Ducati heeft de 2023 Ducati Diavel V4 uitgerust met het Extended Rear Cylinder Deactivation System. Onder de 4.000 tpm werken alleen de voorste cilinders. Dat betekent minder verbruik, minder hitte naar de rijder en toch nog even die twin-sound die je van Ducati gewoon bent. Belangrijke vaststelling: de overgang van het rijden op twee naar vier cilinders, is – behalve auditief – niet merkbaar. Daar waren we voor de test toch wel wat bezorgd om. Bijvoorbeeld omdat Honda destijds de onvolprezen VFR van een VTEC-systeem voorzag – waarbij maar één inlaatklep geopend werd onder de 6.000 tpm. Daar was de overgang tussen één en twee werkende inlaatkleppen abrupt voelbaar. Kwade tongen beweren zelfs dat dit systeem de ondergang van de VFR inluidde.
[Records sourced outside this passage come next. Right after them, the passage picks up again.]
(* For $i=1,\dots,n$ ($n\ge 2$) let $X_i$ be a finite set with $|X_i|=m_i$ and let $P_i$ be an irreducible stochastic matrix on $X_i$ in detailed balance with a strictly positive probability measure $\pi_i$, where $P_i$ is symmetric (i.e. $\pi_i$ is uniform) for every $i\ge 2$. Let $p^0_1,\dots,p^0_n>0$ sum to $1$ and let $$P=\sum_{i=1}^np^0_i\,(I_1\otimes\cdots\otimes I_{i-1}\otimes P_i\otimes J_{i+1}\otimes\cdots\otimes J_n)$$ (the nested product). For each $i$ let $L(X_i)=\bigoplus_{k=0}^{r_i}W^i_k$ be the eigenspace decomposition of $P_i$, with $W^i_k$ of eigenvalue $\lambda^i_k$, $\lambda^i_0=1$ and $W^i_0$ the constants. Then each of the following subspaces of $L(X_1\times\cdots\times X_n)\cong L(X_1)\otimes\cdots\otimes L(X_n)$ consists of eigenvectors of $P$ with the stated eigenvalue, and $L(X_1\times\cdots\times X_n)$ is their direct sum: (i) $L(X_1)\otimes\cdots\otimes L(X_{n-1})\otimes W^n_{k_n}$, $k_n=1,\dots,r_n$, with eigenvalue $p^0_n\lambda^n_{k_n}$ and dimension $m_1\cdots m_{n-1}\dim W^n_{k_n}$; (ii) $L(X_1)\otimes\cdots\otimes L(X_j)\otimes W^{j+1}_{k_{j+1}}\otimes W^{j+2}_0\otimes\cdots\otimes W^n_0$, for $j=1,\dots,n-2$ and $k_{j+1}=1,\dots,r_{j+1}$, with eigenvalue $p^0_{j+1}\lambda^{j+1}_{k_{j+1}}+p^0_{j+2}+\cdots+p^0_n$ and dimension $m_1\cdots m_j\dim W^{j+1}_{k_{j+1}}$; (iii) $W^1_{k_1}\otimes W^2_0\otimes\cdots\otimes W^n_0$, for $k_1=0,1,\dots,r_1$, with eigenvalue $p^0_1\lambda^1_{k_1}+p^0_2+\cdots+p^0_n$ and dimension $\dim W^1_{k_1}$.
   Context: $I_i$ is the identity matrix on $X_i$ and $J_i$ the $m_i\times m_i$ matrix with all entries $1/m_i$; explicitly $p(x,y)=\sum_{i=1}^np^0_i(\prod_{j<i}\delta(x_j,y_j))p_i(x_i,y_i)/\prod_{j>i}m_j$. Operators act on functions by $(Pf)(x)=\sum_yp(x,y)f(y)$; $(f_1\otimes\cdots\otimes f_n)(x)=\prod_if_i(x_i)$. Detailed balance: $\pi_i(x)p_i(x,y)=\pi_i(y)p_i(y,x)$. *)

From HB Require Import structures.
From mathcomp Require Import all_boot all_order all_algebra.
Set Implicit Arguments. Unset Strict Implicit. Unset Printing Implicit Defensive.
Import Order.TTheory GRing.Theory Num.Theory.
Local Open Scope ring_scope.

Section Defs.
Variable R : realFieldType.

Definition L (X : finType) := {ffun X -> R^o}.

Definition kop (X : finType) (p : X -> X -> R) (f : L X) : L X :=
  [ffun x => \sum_y p x y * f y].

Definition kopE (X : finType) (p : X -> X -> R) : 'End(L X) := linfun (kop p).

Definition eigsp (X : finType) (p : X -> X -> R) (a : R) : {vspace L X} :=
  passmx.leigenspace (kopE p) a.

Definition stochastic (X : finType) (p : X -> X -> R) :=
  (forall x y, 0 <= p x y) /\ (forall x, \sum_y p x y = 1).

Definition irreducible (X : finType) (p : X -> X -> R) :=
  forall x y, connect [rel a b | 0 < p a b] x y.

Definition reversible_pos (X : finType) (p : X -> X -> R) :=
  exists pi : X -> R, (forall x, 0 < pi x) /\ (\sum_x pi x = 1) /\
    (forall x y, pi x * p x y = pi y * p y x).

Definition symmetric_kernel (X : finType) (p : X -> X -> R) :=
  forall x y, p x y = p y x.

Variables (n : nat) (X : 'I_n -> finType).

Definition prodX := {dffun forall i : 'I_n, X i}.

Definition tens (f : forall i, L (X i)) : L prodX :=
  [ffun x : prodX => \prod_i f i (x i)].

(* tensor product V_1 (x) ... (x) V_n of subspaces: span of the pure tensors
   built from bases of the V_i *)
Definition tensv (V : forall i, {vspace L (X i)}) : {vspace L prodX} :=
  <<[seq tens (fun i => tnth (vbasis (V i)) (s i))
     | s : {dffun forall i : 'I_n, 'I_(\dim (V i))}]>>%VS.

Definition nested_kernel (p0 : 'I_n -> R) (p : forall i, X i -> X i -> R)
  (x y : prodX) : R :=
  \sum_i p0 i * (\prod_(j < n | (j < i)%N) (x j == y j)%:R) * p i (x i) (y i)
     / \prod_(j < n | (i < j)%N) #|X j|%:R.

End Defs.

From HB Require Import structures.
From mathcomp Require Import all_boot all_order all_algebra ring.
Set Implicit Arguments. Unset Strict Implicit. Unset Printing Implicit Defensive.
Import Order.TTheory GRing.Theory Num.Theory.
Local Open Scope ring_scope.

(* On a pure tensor g_1 (x) ... (x) g_n, the i-th summand of P acts as the
   identity on the factors before i, as P_i on factor i and as the averaging J
   on the factors after i.  Suppose g_j is an eigenvector of P_j for lambda, the
   factors after j are constant and, if j > 1, g_j has zero sum (P_j is
   symmetric, so its eigenvectors for lambda <> 1 are orthogonal to the
   constants).  Then the summands i < j vanish, the summand j multiplies the
   tensor by p_j lambda and each summand i > j by p_i: every block consists of
   eigenvectors.  Splitting the factors one at a time along the eigenspaces
   shows that the blocks span L(X_1 x ... x X_n).  By the maximum principle the
   harmonic functions of an irreducible chain are constant, so dim W^i_0 = 1;
   hence each block has at most the stated dimension, and these dimensions add
   up to m_1 ... m_n by telescoping.  So all the bounds are equalities and the
   sum is direct. *)

Lemma big_dffun_distr (R : comPzSemiRingType) (I : finType) (T_ : I -> finType)
    (h : forall i, T_ i -> R) :
  \sum_(t : {dffun forall i, T_ i}) \prod_i h i (t i) = \prod_i \sum_(x : T_ i) h i x.
Proof.
pose h_ i := [ffun x : T_ i => h i x].
transitivity (\sum_(t : fprod T_) \prod_(i in I) h_ i (t i)).
  rewrite (reindex (@dffun_of_fprod I T_)); last exact/onW_bij/dffun_of_fprod_bij.
  by apply: eq_bigr => t _; apply: eq_bigr => i _; rewrite /dffun_of_fprod !ffunE.
rewrite big_fprod.
under [RHS]eq_bigr => i _ do rewrite (big_tag (fun i x => h i x)).
rewrite bigA_distr_big_dep; apply: eq_bigr => g _; apply: eq_bigr => i _.
by rewrite /untag; case: (g i) => j t /=; case: eqP => // e; rewrite ffunE.
Qed.

Lemma big_ord_ltS (T : Type) (idx : T) (op : Monoid.com_law idx) (n J : nat)
    (ltJn : (J < n)%N) (F : 'I_n -> T) :
  \big[op/idx]_(j : 'I_n | (j < J.+1)%N) F j =
  op (F (Ordinal ltJn)) (\big[op/idx]_(j : 'I_n | (j < J)%N) F j).
Proof.
rewrite (bigD1 (Ordinal ltJn)) //=; congr (op _ _); apply: eq_bigl => j.
by rewrite -val_eqE /= ltnS; case: ltngtP.
Qed.

Lemma sum_prefix_prod_telescope (n : nat) (m : 'I_n -> nat) :
  (forall i, 0 < m i)%N -> (0 < n)%N ->
  (\sum_(j < n) (\prod_(i < n | (i < j)%N) m i) * (m j - (j != 0 :> nat)))%N =
  (\prod_(i < n) m i)%N.
Proof.
move=> m_gt0 n_gt0.
have prefix J (ltJn : (J < n)%N) :
    (\sum_(j < n | (j < J.+1)%N) (\prod_(i < n | (i < j)%N) m i) * (m j - (j != 0 :> nat)))%N
    = (\prod_(i < n | (i < J.+1)%N) m i)%N.
  elim: J ltJn => [|J IH] ltJn.
    by rewrite !big_ord_ltS !big_pred0 //= subn0 muln1 mul1n addn0.
  rewrite big_ord_ltS [RHS]big_ord_ltS IH ?(ltnW ltJn) //= subn1.
  set P := (\prod_(i < n | (i < J.+1)%N) m i)%N.
  by rewrite -{2}(muln1 P) -mulnDr addn1 prednK ?m_gt0 // mulnC.
have ltn1n : (n.-1 < n)%N by rewrite prednK.
have := prefix _ ltn1n; rewrite prednK // => eq_prefix.
have all_lt : (fun j : 'I_n => (j < n)%N) =1 xpredT by move=> j; exact: ltn_ord.
by rewrite (eq_bigl _ _ all_lt) (eq_bigl _ _ all_lt) in eq_prefix.
Qed.

Lemma sum_neq_subn (I : finType) (i0 : I) (F : I -> nat) :
  (\sum_(i | i != i0) F i = \sum_i F i - F i0)%N.
Proof. by rewrite [in RHS](bigD1 i0) //= addKn. Qed.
Inmiddels zijn we dik 20 jaar verder en hoeft Ducati zich over een dergelijk doemscenario geen zorgen te maken. ERCDS werkt perfect en biedt een naadloze overgang van twee naar vier werkende cilinders. Hardcore Ducatisten zullen het zelfs op prijs kunnen stellen dat ze in een bepaalde zone van het toerengebied met een twin rijden.
1 van 7
Ander gezicht
Maar goed, alle lof dus voor de Granturismo V4. Beetje foute naam trouwens voor een blok dat in een met testosteron gevulde powercruiser hangt, al valt er werkelijk niks af te dingen op de prestaties. Nu is een V4-configuratie altijd wel populair, maar we zouden Ducati tekortdoen als we de kwaliteit van dit blok gewoon afschrijven op de configuratie. Dit is niet alleen het blok dat ook al in de Multistrada V4 zijn strepen verdiende. Het is vooral een krachtbron die het gezicht van de Diavel verandert, zonder de essentie van een powercruiser geweld aan te doen. En er is meer.
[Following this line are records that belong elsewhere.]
Lemma alt_mask_sum_eq0 (R : comNzRingType) n N b (supp : 'I_n -> {set 'I_N})
    (p : {mpoly R[n]}) m (v : 'I_n -> R) :
  (forall t, #|supp t| <= b)%N -> (msize p <= m.+1)%N -> (b * m < N)%N ->
  \sum_(W : {set 'I_N}) (-1) ^+ #|W| *
     p.@[fun t => if supp t \subset W then v t else 0] = 0.
Proof.
move=> supp_le p_le bm_lt.
under eq_bigr => W _ do rewrite mevalE mulr_sumr.
rewrite exchange_big /= big1_seq // => a /andP[_ a_supp].
pose S := \bigcup_(t in [set t | a t != 0%N]) supp t.
have card_a : (#|[set t | a t != 0%N]| <= m)%N.
  have : (mdeg a < m.+1)%N := leq_trans (msize_mdeg_lt a_supp) p_le.
  rewrite ltnS mdegE; apply: leq_trans.
  rewrite -sum1_card big_mkcond /=; apply: leq_sum => t _.
  by rewrite inE; case: (a t).
have /set0Pn [k kNS] : ~: S != set0.
  rewrite -card_gt0 cardsCs setCK card_ord subn_gt0.
  apply: leq_ltn_trans (card_bigcup_le _ supp_le) (leq_ltn_trans _ bm_lt).
  by rewrite mulnC leq_mul.
rewrite (sum_involution _ (togsetK k) (P := fun W : {set 'I_N} => k \in W)); last first.
  by move=> W; rewrite in_togset.
apply: big1 => W kW; rewrite /togset kW (cardsD1 k W) kW exprS mulN1r mulNr.
apply/eqP; rewrite addrC subr_eq0; apply/eqP; congr (_ * (_ * _)).
apply: eq_bigr => t _; have [->|at0] := eqVneq (a t) 0%N; first by rewrite !expr0.
have kNt : k \notin supp t.
  by move: kNS; rewrite inE; apply: contraNN => kt; apply/bigcupP; exists t; rewrite ?inE.
by rewrite subsetD1 kNt andbT.
Qed.

Section AltWeight.
Variable R : pzRingType.

Definition alt_weight d (W : {set 'I_d.+1}) : R :=
  if (#|W| <= d)%N then (-1) ^+ (d - #|W|) else 0.

Lemma alt_weight_sum d (G : {set 'I_d} -> R) :
  \sum_(W : {set 'I_d.+1}) alt_weight W * G [set i | lift ord_max i \in W] = G setT.
Proof.
have preD1 (W : {set 'I_d.+1}) :
    [set i | lift ord_max i \in W :\ ord_max] = [set i | lift ord_max i \in W].
  by apply/setP => i; rewrite !inE eq_sym neq_lift.
rewrite (sum_involution _ (togsetK ord_max) (P := fun W : {set 'I_d.+1} => ord_max \in W)); last first.
  by move=> W; rewrite in_togset.
rewrite (bigD1 setT) ?inE //= big1 ?addr0 => [|W /andP[maxW W_proper]].
  rewrite /togset inE preD1 -mulrDl /alt_weight cardsT card_ord ltnn add0r.
  have -> : #|[set: 'I_d.+1] :\ ord_max| = d by rewrite setTD cardsC1 card_ord.
  rewrite leqnn subnn mul1r.
  by congr G; apply/setP => i; rewrite !inE.
rewrite /togset maxW preD1 -mulrDl.
have cardWD : #|W| = #|W :\ ord_max|.+1 by rewrite (cardsD1 ord_max W) maxW.
have cardW : (#|W :\ ord_max| < d)%N.
  by have := proper_card (etrans (properT W) W_proper); rewrite cardsT card_ord cardWD.
rewrite /alt_weight cardWD cardW (ltnW cardW) -(subnSK cardW) exprS mulN1r.
by rewrite addrN mul0r.
Qed.

End AltWeight.

Arguments alt_weight {R d}.

Lemma lift_max_eq d (i : 'I_d) (k : 'I_d.+1) : (lift ord_max i == k) = (i == k :> nat).
Proof. by rewrite -val_eqE /= /bump leqNgt ltn_ord. Qed.

Section PadMaskMatrices.
Variable R : realType.

Definition unpadmx d : 'M[R]_(d, d.+1) := (padmx R d)^T.
Definition maskmx n (W : {set 'I_n}) : 'M[R]_n := diag_mx (\row_i (i \in W)%:R).

Lemma mul_perm_mxE n p (s : 'S_n) (A : 'M[R]_(n, p)) i j :
  (perm_mx s *m A) i j = A (s i) j.
Proof. by rewrite -row_permE mxE. Qed.

Lemma mul_maskmxE n p (W : {set 'I_n}) (A : 'M[R]_(n, p)) i j :
  (maskmx W *m A) i j = (i \in W)%:R * A i j.
Proof. by rewrite mul_diag_mx !mxE. Qed.

Lemma tr_maskmx n (W : {set 'I_n}) : (maskmx W)^T = maskmx W.
Proof. exact: tr_diag_mx. Qed.

Lemma mul_mx_maskmxE p n (A : 'M[R]_(p, n)) (W : {set 'I_n}) i j :
  (A *m maskmx W) i j = A i j * (j \in W)%:R.
Proof. by rewrite mul_mx_diag !mxE. Qed.

Lemma maskmxT n : maskmx [set: 'I_n] = 1%:M.
Proof. by rewrite -diag_const_mx; congr diag_mx; apply/matrixP => i j; rewrite !mxE inE. Qed.

Lemma maskmx_perm n (W : {set 'I_n}) (s : 'S_n) :
  maskmx W *m perm_mx s = perm_mx s *m maskmx (s @: W).
Proof.
apply/matrixP => i k; rewrite mul_maskmxE mul_perm_mxE !mxE (mem_imset _ _ perm_inj).
by case: (i \in W); case: (s i == k); rewrite ?mul1r ?mul0r ?mulr1n ?mulr0n.
Qed.

Lemma mul_tr_perm_mx n (s : 'S_n) : (perm_mx s)^T *m perm_mx s = 1%:M :> 'M[R]_n.
Proof. by rewrite tr_perm_mx -perm_mxM mulVg perm_mx1. Qed.

Lemma mul_unpadmxE d p (A : 'M[R]_(d.+1, p)) i j :
  (unpadmx d *m A) i j = A (lift ord_max i) j.
Proof.
rewrite mxE (bigD1 (lift ord_max i)) //= big1 ?addr0.
  by rewrite !mxE lift_max eqxx mul1r.
move=> k k_neq; rewrite !mxE; case: eqP => [ki|_]; last by rewrite mul0r.
by case/eqP: k_neq; apply: val_inj => /=; rewrite ki; exact/esym/lift_max.
Qed.

Lemma mul_padmx_lift d p (B : 'M[R]_(d, p)) i j :
  (padmx R d *m B) (lift ord_max i) j = B i j.
Proof.
rewrite mxE (bigD1 i) //= big1 ?addr0; first by rewrite mxE lift_max eqxx mul1r.
move=> k k_neq; rewrite mxE lift_max; case: eqP => [ik|_]; last by rewrite mul0r.
by case/eqP: k_neq; apply: val_inj.
Qed.

Lemma mul_padmx_max d p (B : 'M[R]_(d, p)) j : (padmx R d *m B) ord_max j = 0.
Proof. by rewrite mxE big1 // => k _; rewrite mxE /= gtn_eqF ?mul0r. Qed.

Lemma mul_unpad_padmx d : unpadmx d *m padmx R d = 1%:M.
Proof.
apply/matrixP => i k; rewrite mul_unpadmxE !mxE lift_max.
by congr (_%:R); apply/eqP/eqP => [/val_inj|->].
Qed.

Lemma mul_pad_unpadmx d p (A : 'M[R]_(d.+1, p)) : (forall j, A ord_max j = 0) ->
  padmx R d *m (unpadmx d *m A) = A.
Proof.
move=> A_max; apply/matrixP => r k.
case: (unliftP ord_max r) => [i ->|->]; first by rewrite mul_padmx_lift mul_unpadmxE.
by rewrite mul_padmx_max A_max.
Qed.

Lemma padmx_perm d (s : 'S_d) : padmx R d *m perm_mx s = perm_mx (liftS s) *m padmx R d.
Proof.
apply/matrixP => r k; rewrite mul_perm_mxE [RHS]mxE.
case: (unliftP ord_max r) => [i ->|->].
  by rewrite mul_padmx_lift /liftS lift_perm_lift !mxE lift_max.
by rewrite mul_padmx_max /liftS lift_perm_id /= gtn_eqF.
Qed.

Lemma unpadmx_perm d (s : 'S_d) :
  unpadmx d *m perm_mx (liftS s) = perm_mx s *m unpadmx d.
Proof.
apply/matrixP => i k; rewrite mul_unpadmxE mul_perm_mxE !mxE /liftS lift_perm_lift.
by rewrite lift_max_eq eq_sym.
Qed.

Lemma unpad_tperm_mask_padmx d (W : {set 'I_d.+1}) (j : 'I_d.+1) : j \notin W ->
  unpadmx d *m (perm_mx (tperm j ord_max) *m (maskmx W *m padmx R d)) =
  maskmx [set i | lift ord_max i \in W].
Proof.
move=> jNW; apply/matrixP => i k.
rewrite mul_unpadmxE mul_perm_mxE mul_maskmxE !mxE inE.
have [ij|ij] := eqVneq (lift ord_max i) j.
  by rewrite ij tpermL (negbTE jNW) /= gtn_eqF // mulr0 mul0rn.
rewrite tpermD ?neq_lift // 1?eq_sym // lift_max.
by rewrite mulr_natr eq_sym.
Qed.

Lemma fixed_perm_liftS d (r : 'S_d.+1) : r ord_max = ord_max -> exists s, r = liftS s.
Proof.
move=> r_max.
have r_lift i : r (lift ord_max i) != ord_max.
  by rewrite -{2}r_max (inj_eq perm_inj) eq_sym neq_lift.
pose f (i : 'I_d) : 'I_d := odflt i (unlift ord_max (r (lift ord_max i))).
have fE i : lift ord_max (f i) = r (lift ord_max i).
  rewrite /f; case: (unliftP ord_max (r (lift ord_max i))) => [k -> //|e].
  by move: (r_lift i); rewrite e eqxx.
have f_inj : injective f.
  by move=> i k e; apply: (@lift_inj _ ord_max); apply: (@perm_inj _ r); rewrite -!fE e.
exists (perm f_inj); apply/permP => x.
case: (unliftP ord_max x) => [i ->|->].
  by rewrite /liftS lift_perm_lift permE fE.
by rewrite /liftS lift_perm_id r_max.
Qed.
De nieuwe styling heeft rondere lijnen, laat het motorblok visueel overlopen in het frame en kuipwerk en staat bol van de leuke details. Zoals de opvouwende voetsteunen voor de passagier, de vorm van open en gesloten haakjes die terugkeert in het LED-achterlicht én in de koplamp, die waanzinnige achtervelg… Het oogt niet alleen hip, want als je de vorige Diavel naast de nieuwe zet, lijkt die V2 plotseling gedateerd.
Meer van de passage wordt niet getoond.